Exercise material:
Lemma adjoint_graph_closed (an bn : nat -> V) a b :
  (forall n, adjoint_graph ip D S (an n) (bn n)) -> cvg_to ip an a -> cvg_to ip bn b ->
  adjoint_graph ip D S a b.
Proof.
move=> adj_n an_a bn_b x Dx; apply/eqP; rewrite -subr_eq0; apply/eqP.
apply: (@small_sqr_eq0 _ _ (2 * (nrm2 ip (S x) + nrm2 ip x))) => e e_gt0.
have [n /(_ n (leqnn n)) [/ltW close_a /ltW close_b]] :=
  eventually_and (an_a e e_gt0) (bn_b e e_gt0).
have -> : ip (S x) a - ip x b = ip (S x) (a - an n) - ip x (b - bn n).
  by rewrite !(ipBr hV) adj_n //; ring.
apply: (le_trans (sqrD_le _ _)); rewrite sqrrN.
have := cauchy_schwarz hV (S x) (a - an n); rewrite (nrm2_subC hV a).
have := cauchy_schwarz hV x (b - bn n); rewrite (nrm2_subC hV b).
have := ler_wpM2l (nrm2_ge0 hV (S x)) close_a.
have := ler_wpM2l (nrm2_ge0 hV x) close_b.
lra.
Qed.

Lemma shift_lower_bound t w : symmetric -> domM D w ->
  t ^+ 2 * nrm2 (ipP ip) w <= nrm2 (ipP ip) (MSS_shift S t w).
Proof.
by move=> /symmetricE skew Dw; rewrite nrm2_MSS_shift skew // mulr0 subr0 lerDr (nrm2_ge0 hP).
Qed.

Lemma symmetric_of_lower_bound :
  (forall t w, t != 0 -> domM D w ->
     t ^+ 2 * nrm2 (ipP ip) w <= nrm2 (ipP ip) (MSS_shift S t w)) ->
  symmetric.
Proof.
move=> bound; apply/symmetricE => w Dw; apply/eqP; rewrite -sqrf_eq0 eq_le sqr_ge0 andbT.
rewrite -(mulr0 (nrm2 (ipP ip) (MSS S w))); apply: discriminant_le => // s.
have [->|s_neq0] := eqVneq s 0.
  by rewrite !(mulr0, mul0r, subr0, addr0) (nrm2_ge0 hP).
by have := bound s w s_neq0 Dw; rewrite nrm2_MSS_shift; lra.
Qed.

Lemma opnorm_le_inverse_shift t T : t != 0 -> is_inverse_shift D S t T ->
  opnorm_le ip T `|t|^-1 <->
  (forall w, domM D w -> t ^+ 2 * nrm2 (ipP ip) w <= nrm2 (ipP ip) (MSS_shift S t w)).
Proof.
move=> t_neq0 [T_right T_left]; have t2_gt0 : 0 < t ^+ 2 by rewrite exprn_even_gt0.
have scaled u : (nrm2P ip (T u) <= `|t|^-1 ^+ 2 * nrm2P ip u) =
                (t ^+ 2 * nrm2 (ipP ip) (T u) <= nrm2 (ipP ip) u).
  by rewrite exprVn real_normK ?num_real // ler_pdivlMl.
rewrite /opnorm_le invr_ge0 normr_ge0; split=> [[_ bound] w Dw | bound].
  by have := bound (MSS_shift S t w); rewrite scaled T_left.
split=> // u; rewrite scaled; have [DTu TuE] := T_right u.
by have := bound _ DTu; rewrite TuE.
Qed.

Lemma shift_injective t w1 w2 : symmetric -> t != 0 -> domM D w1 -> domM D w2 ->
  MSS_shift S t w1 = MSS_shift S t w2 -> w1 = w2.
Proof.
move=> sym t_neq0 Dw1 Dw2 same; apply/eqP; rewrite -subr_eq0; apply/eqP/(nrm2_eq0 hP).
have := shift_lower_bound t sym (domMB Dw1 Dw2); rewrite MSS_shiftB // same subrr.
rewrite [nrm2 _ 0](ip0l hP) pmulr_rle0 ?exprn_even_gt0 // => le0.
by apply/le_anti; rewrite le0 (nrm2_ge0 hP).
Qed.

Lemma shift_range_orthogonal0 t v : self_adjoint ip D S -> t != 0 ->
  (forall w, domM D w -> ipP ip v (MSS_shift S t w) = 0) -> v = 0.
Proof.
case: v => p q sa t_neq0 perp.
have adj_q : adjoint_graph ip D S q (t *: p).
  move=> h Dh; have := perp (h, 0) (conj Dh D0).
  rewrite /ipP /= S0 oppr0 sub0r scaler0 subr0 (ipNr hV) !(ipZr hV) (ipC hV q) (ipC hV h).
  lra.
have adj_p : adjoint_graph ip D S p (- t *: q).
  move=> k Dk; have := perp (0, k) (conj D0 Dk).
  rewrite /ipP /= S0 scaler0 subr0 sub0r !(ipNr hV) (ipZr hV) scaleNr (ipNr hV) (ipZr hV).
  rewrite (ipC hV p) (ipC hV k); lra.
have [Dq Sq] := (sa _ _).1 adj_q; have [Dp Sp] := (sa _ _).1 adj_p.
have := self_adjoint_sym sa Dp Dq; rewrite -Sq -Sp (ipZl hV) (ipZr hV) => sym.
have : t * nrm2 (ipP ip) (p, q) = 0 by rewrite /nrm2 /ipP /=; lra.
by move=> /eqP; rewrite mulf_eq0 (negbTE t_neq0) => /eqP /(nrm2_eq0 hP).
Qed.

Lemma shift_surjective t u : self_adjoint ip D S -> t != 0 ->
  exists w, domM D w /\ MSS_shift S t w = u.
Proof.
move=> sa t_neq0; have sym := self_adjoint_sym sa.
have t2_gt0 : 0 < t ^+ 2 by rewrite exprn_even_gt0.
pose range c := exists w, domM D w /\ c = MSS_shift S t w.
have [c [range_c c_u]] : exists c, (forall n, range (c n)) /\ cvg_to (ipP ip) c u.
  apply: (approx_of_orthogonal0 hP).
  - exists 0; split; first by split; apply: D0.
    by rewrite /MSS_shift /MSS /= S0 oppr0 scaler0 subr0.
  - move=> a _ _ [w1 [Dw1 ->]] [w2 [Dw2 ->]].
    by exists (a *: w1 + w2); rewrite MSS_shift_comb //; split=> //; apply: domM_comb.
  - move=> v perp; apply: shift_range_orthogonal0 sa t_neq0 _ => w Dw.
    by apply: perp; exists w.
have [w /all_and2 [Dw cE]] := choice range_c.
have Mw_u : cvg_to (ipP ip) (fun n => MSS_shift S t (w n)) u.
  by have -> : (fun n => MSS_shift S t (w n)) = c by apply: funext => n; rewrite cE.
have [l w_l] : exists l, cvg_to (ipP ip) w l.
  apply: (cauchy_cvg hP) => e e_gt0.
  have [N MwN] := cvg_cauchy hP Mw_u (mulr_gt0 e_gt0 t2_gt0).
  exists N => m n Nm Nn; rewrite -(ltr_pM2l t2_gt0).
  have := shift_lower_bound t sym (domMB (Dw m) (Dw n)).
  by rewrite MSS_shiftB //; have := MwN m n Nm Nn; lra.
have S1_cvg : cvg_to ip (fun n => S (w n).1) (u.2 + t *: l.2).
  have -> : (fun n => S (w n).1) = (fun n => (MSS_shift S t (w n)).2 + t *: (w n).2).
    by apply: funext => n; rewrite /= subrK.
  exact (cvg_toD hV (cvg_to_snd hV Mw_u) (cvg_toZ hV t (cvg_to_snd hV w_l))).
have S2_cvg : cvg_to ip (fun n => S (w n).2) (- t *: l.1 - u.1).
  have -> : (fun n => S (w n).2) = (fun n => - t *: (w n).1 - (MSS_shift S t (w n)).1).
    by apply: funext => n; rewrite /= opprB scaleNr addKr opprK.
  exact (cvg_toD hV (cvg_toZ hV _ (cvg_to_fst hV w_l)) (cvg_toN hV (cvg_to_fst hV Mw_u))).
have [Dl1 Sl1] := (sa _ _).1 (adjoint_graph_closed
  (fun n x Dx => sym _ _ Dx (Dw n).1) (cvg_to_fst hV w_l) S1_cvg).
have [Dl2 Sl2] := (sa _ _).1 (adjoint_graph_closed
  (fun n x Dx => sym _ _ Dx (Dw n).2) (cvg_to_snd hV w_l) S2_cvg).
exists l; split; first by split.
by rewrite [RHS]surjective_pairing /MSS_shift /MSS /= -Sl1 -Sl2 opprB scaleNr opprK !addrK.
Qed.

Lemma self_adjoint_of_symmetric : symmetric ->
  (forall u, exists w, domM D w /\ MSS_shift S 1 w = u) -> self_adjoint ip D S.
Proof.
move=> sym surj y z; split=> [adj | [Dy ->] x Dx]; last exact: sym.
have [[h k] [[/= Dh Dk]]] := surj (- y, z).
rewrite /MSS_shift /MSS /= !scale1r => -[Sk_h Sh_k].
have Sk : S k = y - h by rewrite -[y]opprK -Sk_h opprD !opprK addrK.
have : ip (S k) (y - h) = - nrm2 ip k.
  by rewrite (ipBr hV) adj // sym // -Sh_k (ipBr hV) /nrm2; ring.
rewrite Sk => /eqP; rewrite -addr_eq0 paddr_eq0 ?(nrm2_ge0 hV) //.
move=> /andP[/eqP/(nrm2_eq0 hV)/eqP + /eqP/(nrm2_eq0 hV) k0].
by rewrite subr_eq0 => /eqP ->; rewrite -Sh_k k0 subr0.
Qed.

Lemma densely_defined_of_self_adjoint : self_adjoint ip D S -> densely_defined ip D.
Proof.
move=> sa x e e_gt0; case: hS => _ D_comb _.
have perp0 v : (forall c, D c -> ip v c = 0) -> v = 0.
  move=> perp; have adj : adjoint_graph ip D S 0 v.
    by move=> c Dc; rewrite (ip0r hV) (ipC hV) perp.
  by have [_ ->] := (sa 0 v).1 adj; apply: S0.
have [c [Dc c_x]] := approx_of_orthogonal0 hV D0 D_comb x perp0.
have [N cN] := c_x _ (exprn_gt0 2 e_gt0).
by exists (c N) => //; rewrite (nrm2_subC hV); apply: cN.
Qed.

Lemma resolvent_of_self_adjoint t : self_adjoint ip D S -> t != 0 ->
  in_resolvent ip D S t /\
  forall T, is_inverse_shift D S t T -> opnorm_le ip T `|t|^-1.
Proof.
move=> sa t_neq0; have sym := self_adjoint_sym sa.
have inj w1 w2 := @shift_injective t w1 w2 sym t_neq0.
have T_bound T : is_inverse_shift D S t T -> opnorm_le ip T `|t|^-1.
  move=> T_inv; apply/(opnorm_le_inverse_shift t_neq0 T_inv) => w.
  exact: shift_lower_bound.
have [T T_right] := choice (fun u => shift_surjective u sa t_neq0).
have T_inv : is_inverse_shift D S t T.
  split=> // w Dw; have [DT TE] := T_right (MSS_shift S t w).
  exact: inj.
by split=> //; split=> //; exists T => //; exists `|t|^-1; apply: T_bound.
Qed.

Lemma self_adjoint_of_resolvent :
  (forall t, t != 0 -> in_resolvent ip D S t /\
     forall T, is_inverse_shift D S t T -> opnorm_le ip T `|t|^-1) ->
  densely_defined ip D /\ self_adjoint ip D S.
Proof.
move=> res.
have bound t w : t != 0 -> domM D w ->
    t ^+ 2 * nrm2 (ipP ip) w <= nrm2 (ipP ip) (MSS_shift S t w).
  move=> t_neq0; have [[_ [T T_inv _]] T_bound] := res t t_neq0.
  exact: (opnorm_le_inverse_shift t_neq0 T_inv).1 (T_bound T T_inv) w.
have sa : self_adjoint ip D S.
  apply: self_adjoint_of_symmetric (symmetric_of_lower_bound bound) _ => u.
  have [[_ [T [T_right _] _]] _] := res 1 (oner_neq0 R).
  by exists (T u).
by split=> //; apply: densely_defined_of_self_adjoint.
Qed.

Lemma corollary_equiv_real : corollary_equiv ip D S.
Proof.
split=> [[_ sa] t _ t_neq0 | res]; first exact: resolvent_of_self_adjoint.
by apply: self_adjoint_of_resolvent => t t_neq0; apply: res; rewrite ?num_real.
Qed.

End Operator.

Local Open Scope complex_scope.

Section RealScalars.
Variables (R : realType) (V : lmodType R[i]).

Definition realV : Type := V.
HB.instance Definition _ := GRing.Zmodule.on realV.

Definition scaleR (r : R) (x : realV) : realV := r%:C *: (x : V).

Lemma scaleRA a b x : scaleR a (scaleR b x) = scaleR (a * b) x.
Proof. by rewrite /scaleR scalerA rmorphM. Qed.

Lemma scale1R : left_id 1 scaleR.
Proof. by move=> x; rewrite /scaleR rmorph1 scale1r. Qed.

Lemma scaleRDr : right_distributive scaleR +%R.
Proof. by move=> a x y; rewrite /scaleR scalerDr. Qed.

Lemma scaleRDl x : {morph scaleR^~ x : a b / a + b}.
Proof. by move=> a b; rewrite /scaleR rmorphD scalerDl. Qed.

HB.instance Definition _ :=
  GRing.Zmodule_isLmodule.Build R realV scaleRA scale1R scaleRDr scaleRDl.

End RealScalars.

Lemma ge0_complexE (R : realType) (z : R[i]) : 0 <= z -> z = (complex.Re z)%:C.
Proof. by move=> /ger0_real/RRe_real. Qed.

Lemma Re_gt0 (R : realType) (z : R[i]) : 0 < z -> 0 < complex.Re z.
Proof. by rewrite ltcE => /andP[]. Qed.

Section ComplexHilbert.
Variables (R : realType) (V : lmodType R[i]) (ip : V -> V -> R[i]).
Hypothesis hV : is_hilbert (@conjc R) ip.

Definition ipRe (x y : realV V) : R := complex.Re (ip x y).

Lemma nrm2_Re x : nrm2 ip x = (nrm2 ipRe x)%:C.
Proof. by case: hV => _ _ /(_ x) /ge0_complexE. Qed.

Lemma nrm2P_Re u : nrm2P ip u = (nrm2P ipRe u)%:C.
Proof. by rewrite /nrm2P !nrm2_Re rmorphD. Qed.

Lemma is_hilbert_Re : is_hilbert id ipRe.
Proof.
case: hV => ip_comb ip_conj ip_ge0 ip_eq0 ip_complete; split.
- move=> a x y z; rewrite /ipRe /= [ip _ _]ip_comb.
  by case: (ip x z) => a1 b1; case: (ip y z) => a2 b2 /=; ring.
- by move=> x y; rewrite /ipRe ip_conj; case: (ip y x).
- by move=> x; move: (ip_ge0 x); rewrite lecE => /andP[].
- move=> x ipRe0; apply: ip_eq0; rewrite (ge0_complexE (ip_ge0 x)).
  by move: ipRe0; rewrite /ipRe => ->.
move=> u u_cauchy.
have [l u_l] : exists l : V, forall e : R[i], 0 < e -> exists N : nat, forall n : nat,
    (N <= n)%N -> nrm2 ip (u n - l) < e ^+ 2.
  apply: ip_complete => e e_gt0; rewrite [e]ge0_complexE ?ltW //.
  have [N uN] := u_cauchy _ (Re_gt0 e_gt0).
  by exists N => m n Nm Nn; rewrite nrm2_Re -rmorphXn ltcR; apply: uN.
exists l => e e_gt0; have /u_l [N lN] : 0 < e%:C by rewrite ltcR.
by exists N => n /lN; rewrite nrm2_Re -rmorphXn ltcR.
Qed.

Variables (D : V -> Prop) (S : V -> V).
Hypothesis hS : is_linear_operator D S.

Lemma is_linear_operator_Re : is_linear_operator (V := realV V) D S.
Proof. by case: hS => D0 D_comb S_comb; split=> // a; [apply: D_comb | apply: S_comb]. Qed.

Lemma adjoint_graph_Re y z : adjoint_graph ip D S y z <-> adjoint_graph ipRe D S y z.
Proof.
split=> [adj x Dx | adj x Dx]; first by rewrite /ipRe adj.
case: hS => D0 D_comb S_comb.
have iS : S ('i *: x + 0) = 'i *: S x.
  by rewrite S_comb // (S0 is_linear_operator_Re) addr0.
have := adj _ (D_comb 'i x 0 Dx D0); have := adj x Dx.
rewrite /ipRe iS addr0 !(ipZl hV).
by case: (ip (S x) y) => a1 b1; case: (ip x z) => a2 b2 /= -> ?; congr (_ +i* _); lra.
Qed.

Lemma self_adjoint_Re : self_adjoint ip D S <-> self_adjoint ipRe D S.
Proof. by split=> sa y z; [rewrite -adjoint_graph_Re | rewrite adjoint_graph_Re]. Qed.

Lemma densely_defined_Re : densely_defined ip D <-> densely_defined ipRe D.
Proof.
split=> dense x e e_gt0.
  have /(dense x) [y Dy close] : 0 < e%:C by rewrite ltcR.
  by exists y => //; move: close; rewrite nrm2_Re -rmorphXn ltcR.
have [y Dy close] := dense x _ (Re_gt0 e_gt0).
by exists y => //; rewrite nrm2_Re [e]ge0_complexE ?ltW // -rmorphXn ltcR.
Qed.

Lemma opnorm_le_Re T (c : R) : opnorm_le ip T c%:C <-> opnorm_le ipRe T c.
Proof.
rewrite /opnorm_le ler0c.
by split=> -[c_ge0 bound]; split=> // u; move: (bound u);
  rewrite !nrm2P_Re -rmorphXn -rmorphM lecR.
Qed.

Work instruction: Each line of the entries above that contains "ipZl" must be copied into the answer.

Answer for the task:
have := self_adjoint_sym sa Dp Dq; rewrite -Sq -Sp (ipZl hV) (ipZr hV) => sym.
rewrite /ipRe iS addr0 !(ipZl hV).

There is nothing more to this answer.